◆ Instructions for the task
From the entries below, output the line with "i => u i - v i." and each following line up to and including the line with "(A : mat n) (x", exactly as written.

◆ Supplied information
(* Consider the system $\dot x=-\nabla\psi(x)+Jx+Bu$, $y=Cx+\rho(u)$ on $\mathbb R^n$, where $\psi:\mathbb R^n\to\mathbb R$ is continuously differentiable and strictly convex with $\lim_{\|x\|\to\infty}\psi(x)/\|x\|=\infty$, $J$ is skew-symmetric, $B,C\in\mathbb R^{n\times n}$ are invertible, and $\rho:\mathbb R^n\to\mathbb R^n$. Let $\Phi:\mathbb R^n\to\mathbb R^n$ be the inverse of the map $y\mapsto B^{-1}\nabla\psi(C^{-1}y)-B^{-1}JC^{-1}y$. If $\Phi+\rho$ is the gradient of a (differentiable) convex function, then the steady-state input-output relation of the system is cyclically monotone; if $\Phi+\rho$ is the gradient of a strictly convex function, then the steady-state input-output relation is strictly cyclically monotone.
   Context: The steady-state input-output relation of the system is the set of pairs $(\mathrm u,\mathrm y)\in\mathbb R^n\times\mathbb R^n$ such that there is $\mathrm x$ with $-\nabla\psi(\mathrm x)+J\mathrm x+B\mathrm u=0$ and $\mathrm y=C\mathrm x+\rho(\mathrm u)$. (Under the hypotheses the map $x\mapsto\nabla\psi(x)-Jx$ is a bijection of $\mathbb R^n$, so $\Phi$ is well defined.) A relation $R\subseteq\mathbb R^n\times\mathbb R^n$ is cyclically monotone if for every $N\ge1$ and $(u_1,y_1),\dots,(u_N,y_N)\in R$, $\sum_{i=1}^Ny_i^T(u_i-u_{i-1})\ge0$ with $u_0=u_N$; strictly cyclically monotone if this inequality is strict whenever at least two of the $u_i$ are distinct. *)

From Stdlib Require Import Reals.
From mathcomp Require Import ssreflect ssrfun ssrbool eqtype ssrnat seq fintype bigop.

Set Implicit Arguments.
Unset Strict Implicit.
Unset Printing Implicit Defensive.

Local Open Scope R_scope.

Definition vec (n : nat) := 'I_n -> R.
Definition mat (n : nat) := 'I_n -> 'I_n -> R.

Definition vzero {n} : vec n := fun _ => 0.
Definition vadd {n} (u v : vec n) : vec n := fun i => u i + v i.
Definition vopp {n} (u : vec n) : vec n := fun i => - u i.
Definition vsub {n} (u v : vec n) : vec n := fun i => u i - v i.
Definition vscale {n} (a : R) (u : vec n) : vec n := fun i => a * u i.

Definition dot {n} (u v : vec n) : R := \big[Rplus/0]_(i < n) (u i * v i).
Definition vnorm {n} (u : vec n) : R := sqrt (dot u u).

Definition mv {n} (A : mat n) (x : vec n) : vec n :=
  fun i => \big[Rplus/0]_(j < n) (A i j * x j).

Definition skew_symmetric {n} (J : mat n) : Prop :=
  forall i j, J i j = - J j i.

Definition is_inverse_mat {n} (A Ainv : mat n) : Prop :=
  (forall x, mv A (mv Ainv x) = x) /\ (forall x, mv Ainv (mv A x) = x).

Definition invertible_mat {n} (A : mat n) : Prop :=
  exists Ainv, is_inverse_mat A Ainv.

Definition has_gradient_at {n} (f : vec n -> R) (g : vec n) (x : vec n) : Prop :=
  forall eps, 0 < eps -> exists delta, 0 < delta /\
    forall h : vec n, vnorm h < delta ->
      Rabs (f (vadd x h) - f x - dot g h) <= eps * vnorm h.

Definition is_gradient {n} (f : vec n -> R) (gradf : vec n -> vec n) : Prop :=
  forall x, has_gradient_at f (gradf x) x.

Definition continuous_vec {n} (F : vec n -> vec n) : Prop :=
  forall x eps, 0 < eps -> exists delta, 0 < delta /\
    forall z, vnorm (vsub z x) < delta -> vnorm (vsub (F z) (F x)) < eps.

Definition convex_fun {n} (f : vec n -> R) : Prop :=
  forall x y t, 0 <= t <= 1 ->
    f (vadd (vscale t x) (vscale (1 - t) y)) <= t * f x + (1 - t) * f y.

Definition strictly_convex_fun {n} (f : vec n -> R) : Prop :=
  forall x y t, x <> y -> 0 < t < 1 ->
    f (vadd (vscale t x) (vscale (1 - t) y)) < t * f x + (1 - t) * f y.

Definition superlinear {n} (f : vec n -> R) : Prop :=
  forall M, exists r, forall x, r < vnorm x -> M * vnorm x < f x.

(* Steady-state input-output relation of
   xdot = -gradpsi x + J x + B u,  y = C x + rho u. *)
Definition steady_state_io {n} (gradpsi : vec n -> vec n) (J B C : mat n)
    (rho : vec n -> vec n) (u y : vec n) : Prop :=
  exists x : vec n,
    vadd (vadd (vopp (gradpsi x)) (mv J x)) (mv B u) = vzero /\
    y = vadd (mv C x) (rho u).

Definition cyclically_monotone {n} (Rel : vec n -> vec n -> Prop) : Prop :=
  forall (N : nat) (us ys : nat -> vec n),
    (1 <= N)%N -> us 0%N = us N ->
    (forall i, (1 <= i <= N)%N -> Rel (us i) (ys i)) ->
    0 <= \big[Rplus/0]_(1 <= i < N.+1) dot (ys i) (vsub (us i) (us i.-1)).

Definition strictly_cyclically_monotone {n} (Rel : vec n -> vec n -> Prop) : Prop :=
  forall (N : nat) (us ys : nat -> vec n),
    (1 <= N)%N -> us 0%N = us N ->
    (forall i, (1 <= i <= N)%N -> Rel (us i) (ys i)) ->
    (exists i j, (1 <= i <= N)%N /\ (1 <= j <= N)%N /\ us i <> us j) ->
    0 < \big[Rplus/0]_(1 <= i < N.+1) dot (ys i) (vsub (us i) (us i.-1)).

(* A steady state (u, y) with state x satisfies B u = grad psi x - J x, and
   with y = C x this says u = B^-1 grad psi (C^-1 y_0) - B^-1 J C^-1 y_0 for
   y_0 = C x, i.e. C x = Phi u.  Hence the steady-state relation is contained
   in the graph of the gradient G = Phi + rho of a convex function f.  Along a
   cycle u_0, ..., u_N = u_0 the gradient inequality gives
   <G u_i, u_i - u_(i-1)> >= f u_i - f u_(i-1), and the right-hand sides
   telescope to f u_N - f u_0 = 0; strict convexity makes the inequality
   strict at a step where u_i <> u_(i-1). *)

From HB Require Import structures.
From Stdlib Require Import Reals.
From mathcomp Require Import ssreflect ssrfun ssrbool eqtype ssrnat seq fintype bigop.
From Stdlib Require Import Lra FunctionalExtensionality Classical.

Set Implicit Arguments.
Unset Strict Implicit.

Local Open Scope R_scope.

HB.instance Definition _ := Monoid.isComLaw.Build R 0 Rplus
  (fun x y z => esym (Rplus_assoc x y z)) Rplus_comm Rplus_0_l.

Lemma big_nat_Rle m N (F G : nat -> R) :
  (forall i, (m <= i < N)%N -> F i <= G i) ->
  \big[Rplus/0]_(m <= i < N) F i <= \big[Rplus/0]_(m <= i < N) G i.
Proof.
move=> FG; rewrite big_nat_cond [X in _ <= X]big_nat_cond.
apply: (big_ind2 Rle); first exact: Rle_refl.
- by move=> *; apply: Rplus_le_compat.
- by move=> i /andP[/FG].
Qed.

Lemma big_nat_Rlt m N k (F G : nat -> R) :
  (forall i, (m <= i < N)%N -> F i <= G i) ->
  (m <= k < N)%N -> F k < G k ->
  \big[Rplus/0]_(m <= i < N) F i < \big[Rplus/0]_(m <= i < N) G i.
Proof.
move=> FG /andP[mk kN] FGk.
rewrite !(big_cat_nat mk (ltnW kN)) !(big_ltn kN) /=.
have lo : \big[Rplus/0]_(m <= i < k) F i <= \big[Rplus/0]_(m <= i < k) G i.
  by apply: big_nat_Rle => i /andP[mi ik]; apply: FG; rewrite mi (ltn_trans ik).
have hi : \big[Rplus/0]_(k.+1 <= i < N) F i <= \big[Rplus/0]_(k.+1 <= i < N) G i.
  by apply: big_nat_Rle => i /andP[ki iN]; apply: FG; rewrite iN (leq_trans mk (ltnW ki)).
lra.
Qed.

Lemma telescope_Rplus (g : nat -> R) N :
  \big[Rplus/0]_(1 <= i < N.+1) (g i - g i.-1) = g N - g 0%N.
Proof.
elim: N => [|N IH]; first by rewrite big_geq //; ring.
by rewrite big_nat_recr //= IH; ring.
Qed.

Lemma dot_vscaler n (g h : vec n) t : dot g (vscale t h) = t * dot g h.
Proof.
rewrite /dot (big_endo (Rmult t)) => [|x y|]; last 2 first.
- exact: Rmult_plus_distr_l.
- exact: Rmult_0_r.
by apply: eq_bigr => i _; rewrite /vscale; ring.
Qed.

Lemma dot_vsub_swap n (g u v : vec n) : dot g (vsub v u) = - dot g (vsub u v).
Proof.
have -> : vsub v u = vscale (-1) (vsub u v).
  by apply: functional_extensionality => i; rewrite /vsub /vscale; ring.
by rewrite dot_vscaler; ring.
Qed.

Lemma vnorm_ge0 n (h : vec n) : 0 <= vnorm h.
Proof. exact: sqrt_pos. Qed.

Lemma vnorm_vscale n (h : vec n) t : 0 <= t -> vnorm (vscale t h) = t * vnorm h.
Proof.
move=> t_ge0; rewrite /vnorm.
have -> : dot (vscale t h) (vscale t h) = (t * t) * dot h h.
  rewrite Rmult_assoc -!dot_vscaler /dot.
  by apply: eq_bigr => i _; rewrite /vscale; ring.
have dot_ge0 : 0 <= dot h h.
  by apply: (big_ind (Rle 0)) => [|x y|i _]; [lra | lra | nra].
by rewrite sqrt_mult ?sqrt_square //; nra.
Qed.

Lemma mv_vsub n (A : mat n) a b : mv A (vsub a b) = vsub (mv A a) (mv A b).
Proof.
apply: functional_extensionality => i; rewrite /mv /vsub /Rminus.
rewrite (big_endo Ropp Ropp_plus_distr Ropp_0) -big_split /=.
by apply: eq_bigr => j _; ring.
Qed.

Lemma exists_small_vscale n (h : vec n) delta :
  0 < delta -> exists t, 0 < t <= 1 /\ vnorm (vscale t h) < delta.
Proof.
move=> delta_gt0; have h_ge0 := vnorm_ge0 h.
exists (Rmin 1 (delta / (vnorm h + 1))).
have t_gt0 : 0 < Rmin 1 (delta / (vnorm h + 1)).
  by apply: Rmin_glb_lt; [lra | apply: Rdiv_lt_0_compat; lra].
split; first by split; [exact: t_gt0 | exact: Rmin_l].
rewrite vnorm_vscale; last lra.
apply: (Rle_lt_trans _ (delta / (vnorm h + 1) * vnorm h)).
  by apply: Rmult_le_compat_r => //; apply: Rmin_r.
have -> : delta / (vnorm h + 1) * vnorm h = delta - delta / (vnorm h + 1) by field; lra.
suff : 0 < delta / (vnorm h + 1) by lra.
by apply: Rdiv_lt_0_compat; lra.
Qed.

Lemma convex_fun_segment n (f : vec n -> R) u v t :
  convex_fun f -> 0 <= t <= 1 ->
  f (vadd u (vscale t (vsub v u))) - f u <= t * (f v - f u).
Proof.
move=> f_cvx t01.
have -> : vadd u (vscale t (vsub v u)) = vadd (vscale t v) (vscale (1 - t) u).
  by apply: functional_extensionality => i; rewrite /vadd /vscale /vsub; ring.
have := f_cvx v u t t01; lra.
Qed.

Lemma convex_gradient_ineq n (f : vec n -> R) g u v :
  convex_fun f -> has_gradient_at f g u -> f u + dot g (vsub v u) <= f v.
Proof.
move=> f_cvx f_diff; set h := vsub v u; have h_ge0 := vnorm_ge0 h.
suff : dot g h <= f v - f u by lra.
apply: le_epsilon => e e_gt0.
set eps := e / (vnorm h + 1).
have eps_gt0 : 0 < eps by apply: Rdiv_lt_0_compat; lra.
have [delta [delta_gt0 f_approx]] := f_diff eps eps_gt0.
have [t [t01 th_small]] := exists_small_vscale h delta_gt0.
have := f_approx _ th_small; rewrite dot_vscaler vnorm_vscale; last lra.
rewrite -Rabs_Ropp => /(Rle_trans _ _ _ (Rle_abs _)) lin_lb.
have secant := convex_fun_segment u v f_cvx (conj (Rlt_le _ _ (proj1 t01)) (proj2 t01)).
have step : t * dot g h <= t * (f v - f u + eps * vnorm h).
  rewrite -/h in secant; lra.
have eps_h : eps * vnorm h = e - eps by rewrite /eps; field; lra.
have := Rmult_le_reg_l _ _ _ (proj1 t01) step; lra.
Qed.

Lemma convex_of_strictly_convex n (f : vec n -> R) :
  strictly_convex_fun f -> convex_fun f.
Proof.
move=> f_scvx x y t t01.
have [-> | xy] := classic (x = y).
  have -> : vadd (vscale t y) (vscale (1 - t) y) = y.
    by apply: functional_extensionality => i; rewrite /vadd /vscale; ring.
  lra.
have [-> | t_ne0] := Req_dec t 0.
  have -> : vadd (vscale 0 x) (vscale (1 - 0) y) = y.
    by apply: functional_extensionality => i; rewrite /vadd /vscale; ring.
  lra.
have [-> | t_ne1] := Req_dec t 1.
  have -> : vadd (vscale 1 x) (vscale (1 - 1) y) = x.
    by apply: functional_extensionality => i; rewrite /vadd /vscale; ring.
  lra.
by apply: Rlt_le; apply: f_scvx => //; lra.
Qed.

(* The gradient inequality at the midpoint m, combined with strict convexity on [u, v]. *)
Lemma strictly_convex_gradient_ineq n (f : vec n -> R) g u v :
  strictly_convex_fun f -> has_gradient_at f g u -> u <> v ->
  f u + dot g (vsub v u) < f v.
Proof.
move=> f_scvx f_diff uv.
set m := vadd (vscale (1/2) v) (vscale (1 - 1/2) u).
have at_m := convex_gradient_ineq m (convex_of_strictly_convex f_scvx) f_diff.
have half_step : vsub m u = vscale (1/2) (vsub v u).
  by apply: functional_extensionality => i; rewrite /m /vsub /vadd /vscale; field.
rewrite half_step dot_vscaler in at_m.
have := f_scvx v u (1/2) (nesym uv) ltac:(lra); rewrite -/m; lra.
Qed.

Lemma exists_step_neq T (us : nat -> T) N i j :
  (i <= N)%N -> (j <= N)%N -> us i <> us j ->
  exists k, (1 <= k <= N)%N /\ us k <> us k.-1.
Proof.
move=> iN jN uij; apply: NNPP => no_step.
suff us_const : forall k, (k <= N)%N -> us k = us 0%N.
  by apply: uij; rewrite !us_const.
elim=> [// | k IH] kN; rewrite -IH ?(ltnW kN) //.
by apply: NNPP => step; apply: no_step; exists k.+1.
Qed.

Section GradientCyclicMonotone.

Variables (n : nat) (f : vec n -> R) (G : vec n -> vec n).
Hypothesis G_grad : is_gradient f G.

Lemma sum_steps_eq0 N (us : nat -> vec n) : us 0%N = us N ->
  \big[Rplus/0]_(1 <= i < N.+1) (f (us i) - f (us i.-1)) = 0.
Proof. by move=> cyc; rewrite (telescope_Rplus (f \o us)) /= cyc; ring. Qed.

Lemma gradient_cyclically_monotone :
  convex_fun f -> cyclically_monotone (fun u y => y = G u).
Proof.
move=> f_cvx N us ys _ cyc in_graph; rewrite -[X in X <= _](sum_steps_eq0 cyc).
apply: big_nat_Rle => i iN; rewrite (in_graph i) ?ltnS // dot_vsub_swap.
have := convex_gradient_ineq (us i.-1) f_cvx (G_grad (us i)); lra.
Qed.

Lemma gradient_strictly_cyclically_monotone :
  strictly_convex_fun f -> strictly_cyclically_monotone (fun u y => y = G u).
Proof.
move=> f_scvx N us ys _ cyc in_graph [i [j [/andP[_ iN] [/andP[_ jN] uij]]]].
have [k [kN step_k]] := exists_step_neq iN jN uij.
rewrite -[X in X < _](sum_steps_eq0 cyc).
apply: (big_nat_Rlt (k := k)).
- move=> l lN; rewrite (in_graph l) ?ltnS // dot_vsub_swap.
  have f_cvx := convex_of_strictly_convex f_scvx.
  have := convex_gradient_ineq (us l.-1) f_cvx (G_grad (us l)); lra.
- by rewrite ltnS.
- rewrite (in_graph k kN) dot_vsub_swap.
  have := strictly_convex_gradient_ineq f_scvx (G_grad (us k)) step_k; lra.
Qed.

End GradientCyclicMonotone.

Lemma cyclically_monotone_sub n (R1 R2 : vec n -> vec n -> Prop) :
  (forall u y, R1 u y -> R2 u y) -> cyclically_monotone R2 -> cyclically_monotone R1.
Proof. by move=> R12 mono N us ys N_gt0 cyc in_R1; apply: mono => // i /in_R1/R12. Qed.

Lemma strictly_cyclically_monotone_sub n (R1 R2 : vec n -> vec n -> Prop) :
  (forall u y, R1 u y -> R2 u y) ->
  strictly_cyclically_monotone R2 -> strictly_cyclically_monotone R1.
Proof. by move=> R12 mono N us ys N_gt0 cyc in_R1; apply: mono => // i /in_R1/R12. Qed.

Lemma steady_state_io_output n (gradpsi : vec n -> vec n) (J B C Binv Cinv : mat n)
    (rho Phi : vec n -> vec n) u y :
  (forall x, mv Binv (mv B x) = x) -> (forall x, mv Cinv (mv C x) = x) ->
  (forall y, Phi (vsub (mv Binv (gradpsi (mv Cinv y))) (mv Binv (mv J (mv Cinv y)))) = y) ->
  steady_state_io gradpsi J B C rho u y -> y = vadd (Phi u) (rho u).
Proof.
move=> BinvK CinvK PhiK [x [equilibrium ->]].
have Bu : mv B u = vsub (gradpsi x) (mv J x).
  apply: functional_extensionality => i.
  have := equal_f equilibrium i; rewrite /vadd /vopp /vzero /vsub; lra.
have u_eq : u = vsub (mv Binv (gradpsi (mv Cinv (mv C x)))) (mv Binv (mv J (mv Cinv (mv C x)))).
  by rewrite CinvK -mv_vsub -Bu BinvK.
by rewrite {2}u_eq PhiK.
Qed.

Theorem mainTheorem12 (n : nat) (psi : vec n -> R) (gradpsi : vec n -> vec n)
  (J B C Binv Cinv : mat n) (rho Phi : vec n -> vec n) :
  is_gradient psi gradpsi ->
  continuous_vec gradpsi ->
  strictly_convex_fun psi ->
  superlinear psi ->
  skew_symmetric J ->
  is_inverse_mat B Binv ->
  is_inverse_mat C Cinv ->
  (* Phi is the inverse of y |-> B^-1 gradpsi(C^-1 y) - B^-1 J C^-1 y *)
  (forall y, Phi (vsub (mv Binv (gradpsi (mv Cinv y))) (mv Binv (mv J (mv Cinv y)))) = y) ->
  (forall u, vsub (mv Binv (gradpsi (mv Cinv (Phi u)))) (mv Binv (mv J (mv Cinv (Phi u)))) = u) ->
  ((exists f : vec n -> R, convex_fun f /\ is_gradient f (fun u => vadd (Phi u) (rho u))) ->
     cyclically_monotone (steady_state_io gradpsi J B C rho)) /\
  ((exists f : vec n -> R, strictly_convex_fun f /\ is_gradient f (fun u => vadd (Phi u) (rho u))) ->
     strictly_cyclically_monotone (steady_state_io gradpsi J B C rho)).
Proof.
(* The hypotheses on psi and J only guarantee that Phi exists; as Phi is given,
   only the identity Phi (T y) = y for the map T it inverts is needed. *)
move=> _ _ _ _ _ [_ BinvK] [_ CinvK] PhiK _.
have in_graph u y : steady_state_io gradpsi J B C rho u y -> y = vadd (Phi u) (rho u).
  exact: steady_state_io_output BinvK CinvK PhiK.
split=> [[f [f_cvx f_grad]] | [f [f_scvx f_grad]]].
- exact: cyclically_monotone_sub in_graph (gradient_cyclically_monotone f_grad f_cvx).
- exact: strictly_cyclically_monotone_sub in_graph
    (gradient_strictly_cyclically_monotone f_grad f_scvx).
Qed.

--

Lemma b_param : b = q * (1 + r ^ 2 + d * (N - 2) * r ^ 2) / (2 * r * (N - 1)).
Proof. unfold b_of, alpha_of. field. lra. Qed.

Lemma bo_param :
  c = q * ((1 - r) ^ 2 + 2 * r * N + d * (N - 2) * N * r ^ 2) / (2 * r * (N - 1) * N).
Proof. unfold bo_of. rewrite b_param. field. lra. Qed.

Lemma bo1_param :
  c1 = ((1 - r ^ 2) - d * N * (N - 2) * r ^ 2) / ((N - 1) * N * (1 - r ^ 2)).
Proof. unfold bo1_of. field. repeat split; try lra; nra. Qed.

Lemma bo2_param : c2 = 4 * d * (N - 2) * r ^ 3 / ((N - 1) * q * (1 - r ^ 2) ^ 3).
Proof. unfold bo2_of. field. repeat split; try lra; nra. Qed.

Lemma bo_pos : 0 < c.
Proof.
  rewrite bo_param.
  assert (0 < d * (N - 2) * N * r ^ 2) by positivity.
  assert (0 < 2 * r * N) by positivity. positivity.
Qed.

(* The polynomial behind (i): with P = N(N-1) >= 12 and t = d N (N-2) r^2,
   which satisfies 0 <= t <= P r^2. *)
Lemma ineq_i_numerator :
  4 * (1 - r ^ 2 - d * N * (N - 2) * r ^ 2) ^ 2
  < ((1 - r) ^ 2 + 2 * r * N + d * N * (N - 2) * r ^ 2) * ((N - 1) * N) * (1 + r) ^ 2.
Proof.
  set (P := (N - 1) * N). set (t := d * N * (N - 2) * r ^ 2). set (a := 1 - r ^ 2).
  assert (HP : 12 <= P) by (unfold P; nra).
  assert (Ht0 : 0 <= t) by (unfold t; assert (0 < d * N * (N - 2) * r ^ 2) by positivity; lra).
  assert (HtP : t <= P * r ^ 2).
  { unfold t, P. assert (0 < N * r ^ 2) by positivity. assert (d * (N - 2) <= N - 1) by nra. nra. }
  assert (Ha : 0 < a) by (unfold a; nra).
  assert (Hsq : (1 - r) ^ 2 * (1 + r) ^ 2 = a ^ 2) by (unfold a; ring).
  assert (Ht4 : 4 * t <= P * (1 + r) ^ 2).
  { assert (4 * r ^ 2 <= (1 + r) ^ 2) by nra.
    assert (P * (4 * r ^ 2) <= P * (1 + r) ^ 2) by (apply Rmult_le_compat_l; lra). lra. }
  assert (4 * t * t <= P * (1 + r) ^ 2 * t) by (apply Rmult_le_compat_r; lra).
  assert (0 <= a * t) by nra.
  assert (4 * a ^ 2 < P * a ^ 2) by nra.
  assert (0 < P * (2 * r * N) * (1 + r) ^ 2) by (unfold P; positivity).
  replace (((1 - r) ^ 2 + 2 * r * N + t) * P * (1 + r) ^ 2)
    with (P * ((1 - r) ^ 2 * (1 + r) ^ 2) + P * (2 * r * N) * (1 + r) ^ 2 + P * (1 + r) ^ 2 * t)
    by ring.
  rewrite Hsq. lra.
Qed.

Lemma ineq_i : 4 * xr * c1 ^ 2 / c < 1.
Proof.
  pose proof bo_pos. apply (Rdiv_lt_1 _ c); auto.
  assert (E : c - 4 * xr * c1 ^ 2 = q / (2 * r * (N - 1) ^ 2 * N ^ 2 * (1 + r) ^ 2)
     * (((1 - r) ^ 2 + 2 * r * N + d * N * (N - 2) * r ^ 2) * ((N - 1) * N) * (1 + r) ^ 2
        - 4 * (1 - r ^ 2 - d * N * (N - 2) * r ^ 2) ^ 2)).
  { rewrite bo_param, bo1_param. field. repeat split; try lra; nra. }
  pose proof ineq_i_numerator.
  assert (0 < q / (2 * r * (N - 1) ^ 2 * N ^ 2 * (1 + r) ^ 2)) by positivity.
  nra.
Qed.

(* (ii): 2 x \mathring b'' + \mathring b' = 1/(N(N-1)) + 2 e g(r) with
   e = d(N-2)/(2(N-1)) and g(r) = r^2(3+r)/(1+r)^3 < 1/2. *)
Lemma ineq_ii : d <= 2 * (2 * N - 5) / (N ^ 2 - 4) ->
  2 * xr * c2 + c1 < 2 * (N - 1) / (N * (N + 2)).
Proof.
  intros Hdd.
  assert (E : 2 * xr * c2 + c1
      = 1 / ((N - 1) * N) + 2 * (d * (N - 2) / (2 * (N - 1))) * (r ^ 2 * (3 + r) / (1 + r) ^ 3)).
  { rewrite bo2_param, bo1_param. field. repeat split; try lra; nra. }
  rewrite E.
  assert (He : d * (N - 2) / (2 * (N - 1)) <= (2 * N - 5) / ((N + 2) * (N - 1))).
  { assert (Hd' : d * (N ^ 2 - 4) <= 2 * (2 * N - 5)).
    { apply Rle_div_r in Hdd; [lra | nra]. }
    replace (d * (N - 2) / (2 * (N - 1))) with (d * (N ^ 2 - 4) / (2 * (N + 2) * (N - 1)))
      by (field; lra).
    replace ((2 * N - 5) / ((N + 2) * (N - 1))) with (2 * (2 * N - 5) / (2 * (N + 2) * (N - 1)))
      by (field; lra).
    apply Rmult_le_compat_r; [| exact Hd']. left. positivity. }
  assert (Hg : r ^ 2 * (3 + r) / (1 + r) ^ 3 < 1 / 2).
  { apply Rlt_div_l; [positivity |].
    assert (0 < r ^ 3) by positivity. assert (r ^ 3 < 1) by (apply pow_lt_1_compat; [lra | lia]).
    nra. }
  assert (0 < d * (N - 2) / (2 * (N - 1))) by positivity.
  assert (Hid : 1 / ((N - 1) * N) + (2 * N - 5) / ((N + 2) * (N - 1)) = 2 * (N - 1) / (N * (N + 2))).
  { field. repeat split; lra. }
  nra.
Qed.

◆ Result below
Definition vsub {n} (u v : vec n) : vec n := fun i => u i - v i.
Definition vscale {n} (a : R) (u : vec n) : vec n := fun i => a * u i.

Definition dot {n} (u v : vec n) : R := \big[Rplus/0]_(i < n) (u i * v i).
Definition vnorm {n} (u : vec n) : R := sqrt (dot u u).

Definition mv {n} (A : mat n) (x : vec n) : vec n :=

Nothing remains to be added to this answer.